Jorge Marcelo Faurie (born 24 December 1951) is an Argentine diplomat, and Minister of Foreigns Affairs and Worship of Argentina, serving in President Mauricio Macri's cabinet from 12 June 2017 to 10 December 2019.

He was born in Santa Fe, Santa Fe province. He graduated from National University of the Littoral at Law.

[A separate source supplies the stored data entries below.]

(* Let $k,k'\ge1$ be integers. For $X\in\mathcal{P}$ let $\mathcal{C}^{-1}(X)=\{(P,Q)\in\mathcal{P}^2:[P,Q]\in\{2iX,-2iX\}\}$ and $\mathcal{S}_X=\mathcal{C}^{-1}(X)\cap(\mathcal{P}_k\times\mathcal{P}_{k'})$. For $(P,Q)\in\mathcal{S}_X$, its pattern is the pair of sets $(\mathrm{supp}(P)\cap\mathrm{supp}(X),\ \mathrm{supp}(Q)\cap\mathrm{supp}(X))$, and for sets $S,T$ let $\mathcal{S}_X[S,T]$ be the set of $(P,Q)\in\mathcal{S}_X$ with pattern $(S,T)$. Then: (a) for every $X\in\mathcal{P}$, there are at most $(2(k+k'))^k$ distinct patterns among elements of $\mathcal{S}_X$; (b) for every $(P,Q)\in\mathcal{P}_k\times\mathcal{P}_{k'}$, there are at most $(4(k+k'))^k$ distinct sets $\mathcal{S}_Y[S,T]$ (ranging over all $Y\in\mathcal{P}$ and all patterns $(S,T)$) that contain both a pair of the form $(P,R)$ and a pair of the form $(R',Q)$; and if $\mathrm{supp}(P)\cap\mathrm{supp}(Q)=\varnothing$, there are no such sets.
   Context: $\mathcal{P}$ denotes the set of $n$-fold tensor products of Pauli matrices $\{I,\sigma_x,\sigma_y,\sigma_z\}$. The support $\mathrm{supp}(P)\subseteq[n]$ is the set of qubits on which $P$ acts non-trivially; $\mathcal{P}_j$ is the set of Paulis with $|\mathrm{supp}|\le j$. $[A,B]=AB-BA$. *)

From HB Require Import structures.
From mathcomp Require Import all_boot all_order all_algebra all_field.
Set Implicit Arguments. Unset Strict Implicit. Unset Printing Implicit Defensive.
Import Order.TTheory GRing.Theory Num.Theory.
Local Open Scope ring_scope.

Inductive pauli1 := pI | pX | pY | pZ.

Definition pauli1_to (p : pauli1) : 'I_4 :=
  match p with pI => inord 0 | pX => inord 1 | pY => inord 2 | pZ => inord 3 end.
Definition pauli1_of (i : 'I_4) : pauli1 :=
  match val i with 0 => pI | 1 => pX | 2 => pY | _ => pZ end.
Lemma pauli1_toK : cancel pauli1_to pauli1_of.
Proof. by case; rewrite /pauli1_of /= inordK. Qed.
HB.instance Definition _ := Equality.copy pauli1 (can_type pauli1_toK).
HB.instance Definition _ := Choice.copy pauli1 (can_type pauli1_toK).
HB.instance Definition _ := Countable.copy pauli1 (can_type pauli1_toK).
HB.instance Definition _ := Finite.copy pauli1 (can_type pauli1_toK).

(* Entries of the 2x2 Pauli matrices (basis |0>,|1> encoded as false,true):
   I = [[1,0],[0,1]], X = [[0,1],[1,0]], Y = [[0,-i],[i,0]], Z = [[1,0],[0,-1]]. *)
Definition sigma_entry (p : pauli1) (a b : bool) : algC :=
  match p with
  | pI => if a == b then 1 else 0
  | pX => if a == b then 0 else 1
  | pY => if a == b then 0 else (if a then 'i else - 'i)
  | pZ => if a == b then (if a then -1 else 1) else 0
  end.

Definition pauli (n : nat) := {ffun 'I_n -> pauli1}.

Definition qbit (n : nat) (a : 'I_(2 ^ n)) (i : 'I_n) : bool := odd (a %/ 2 ^ i).

(* The 2^n x 2^n matrix of the tensor product P_0 (x) ... (x) P_{n-1}
   (entries of a Kronecker product are products of the factor entries). *)
Definition pauli_mx (n : nat) (P : pauli n) : 'M[algC]_(2 ^ n) :=
  \matrix_(a, b) \prod_(i < n) sigma_entry (P i) (qbit a i) (qbit b i).

Definition commmx (m : nat) (A B : 'M[algC]_m) : 'M[algC]_m := A *m B - B *m A.

Definition supp (n : nat) (P : pauli n) : {set 'I_n} := [set i | P i != pI].

Definition in_Cinv (n : nat) (X : pauli n) (pq : pauli n * pauli n) : bool :=
  (commmx (pauli_mx pq.1) (pauli_mx pq.2) == (2 * 'i) *: pauli_mx X) ||
  (commmx (pauli_mx pq.1) (pauli_mx pq.2) == - (2 * 'i) *: pauli_mx X).

Definition SX (n k k' : nat) (X : pauli n) : {set pauli n * pauli n} :=
  [set pq | [&& in_Cinv X pq, (#|supp pq.1| <= k)%N & (#|supp pq.2| <= k')%N]].

Definition pattern (n : nat) (X : pauli n) (pq : pauli n * pauli n)
  : {set 'I_n} * {set 'I_n} :=
  (supp pq.1 :&: supp X, supp pq.2 :&: supp X).

Definition SXST (n k k' : nat) (X : pauli n) (S T : {set 'I_n})
  : {set pauli n * pauli n} :=
  [set pq in SX k k' X | pattern X pq == (S, T)].

Definition SXST_family (n k k' : nat) (P Q : pauli n)
  : {set {set pauli n * pauli n}} :=
  [set A | [exists Y : pauli n, exists S : {set 'I_n}, exists T : {set 'I_n},
      A == SXST k k' Y S T]
    && [exists R : pauli n, (P, R) \in A]
    && [exists R' : pauli n, (R', Q) \in A]].

From HB Require Import structures.
From mathcomp Require Import all_boot all_order all_algebra all_field.

(* Since Pauli strings square to the identity and multiply sitewise up to a
   phase, [[P,Q] = ±2iX] forces [X = PQ] together with a site where [P] and
   [Q] anticommute; that site lies in supp P ∩ supp Q ∩ supp X.
   For (P,Q) in S_X, off supp P the string X agrees with Q, so the pattern is
   determined by the nonempty set S = supp P ∩ supp X of at most k sites of
   supp X (which has at most k + k' sites) and one bit per site of S telling
   whether it lies in supp Q.  Listing S in k slots, each holding a site of
   supp X and a bit, gives (2(k+k'))^k.
   A set S_Y[S,T] containing (P,R) and (R',Q) equals
   S_{R'Q}[supp P ∩ supp Y, supp Q ∩ supp Y], so it is determined by R', whose
   support has at most k sites, all in supp P ∪ supp Q; k slots holding a site
   and a Pauli label give (4(k+k'))^k.  If supp P and supp Q are disjoint, the
   anticommuting site of (P,R) would lie in supp P and in
   supp R ∩ supp Y = supp Q ∩ supp Y, which is impossible. *)

Set Implicit Arguments.
Unset Strict Implicit.
Unset Printing Implicit Defensive.
Import GRing.Theory Num.Theory.

Section SingleQubit.
Local Open Scope ring_scope.

Definition pauli1_flip (p : pauli1) : bool :=
  match p with pX | pY => true | _ => false end.

Definition pauli1_mul (p q : pauli1) : pauli1 :=
  match p, q with
  | pI, q => q | p, pI => p
  | pX, pX | pY, pY | pZ, pZ => pI
  | pX, pY | pY, pX => pZ
  | pY, pZ | pZ, pY => pX
  | pZ, pX | pX, pZ => pY
  end.

(* [sigma_p sigma_q = pauli1_phase p q * sigma_(pauli1_mul p q)] *)
Definition pauli1_phase (p q : pauli1) : algC :=
  match p, q with
  | pX, pY | pY, pZ | pZ, pX => 'i
  | pY, pX | pZ, pY | pX, pZ => - 'i
  | _, _ => 1
  end.

Lemma sigma_entry_off p (x y : bool) :
  y != x (+) pauli1_flip p -> sigma_entry p x y = 0.
Proof. by case: p; case: x; case: y. Qed.

Lemma sigma_entryM p q (x y : bool) :
  sigma_entry p x (x (+) pauli1_flip p) * sigma_entry q (x (+) pauli1_flip p) y
  = pauli1_phase p q * sigma_entry (pauli1_mul p q) x y.
Proof.
by case: p; case: q; case: x; case: y;
  rewrite /= ?(mulr1, mul1r, mulr0, mul0r, mulrN, mulNr, opprK, mulCii).
Qed.

Lemma pauli1_mulC : commutative pauli1_mul.
Proof. by case; case. Qed.

Lemma pauli1_mulxx p : pauli1_mul p p = pI.
Proof. by case: p. Qed.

He joined the foreign service in 1964. He was Argentine Ambassador to France from 2015, up to the moment of his designation as minister in 2017. He also served as an Ambassador in Portugal between 2002 and 2013.

Minister of Foreign Relations

During the Macri government, he strengthened diplomatic ties with Brazil and the Southern Cone, looked away from the Bolivarian axis and demanded the freedom of political prisoners in Venezuela.

He also promoted the repeal of the agreement with Iran and worked for an rapprochement with the United States, Israel and Europe.

He sought closer ties with the Pacific Alliance.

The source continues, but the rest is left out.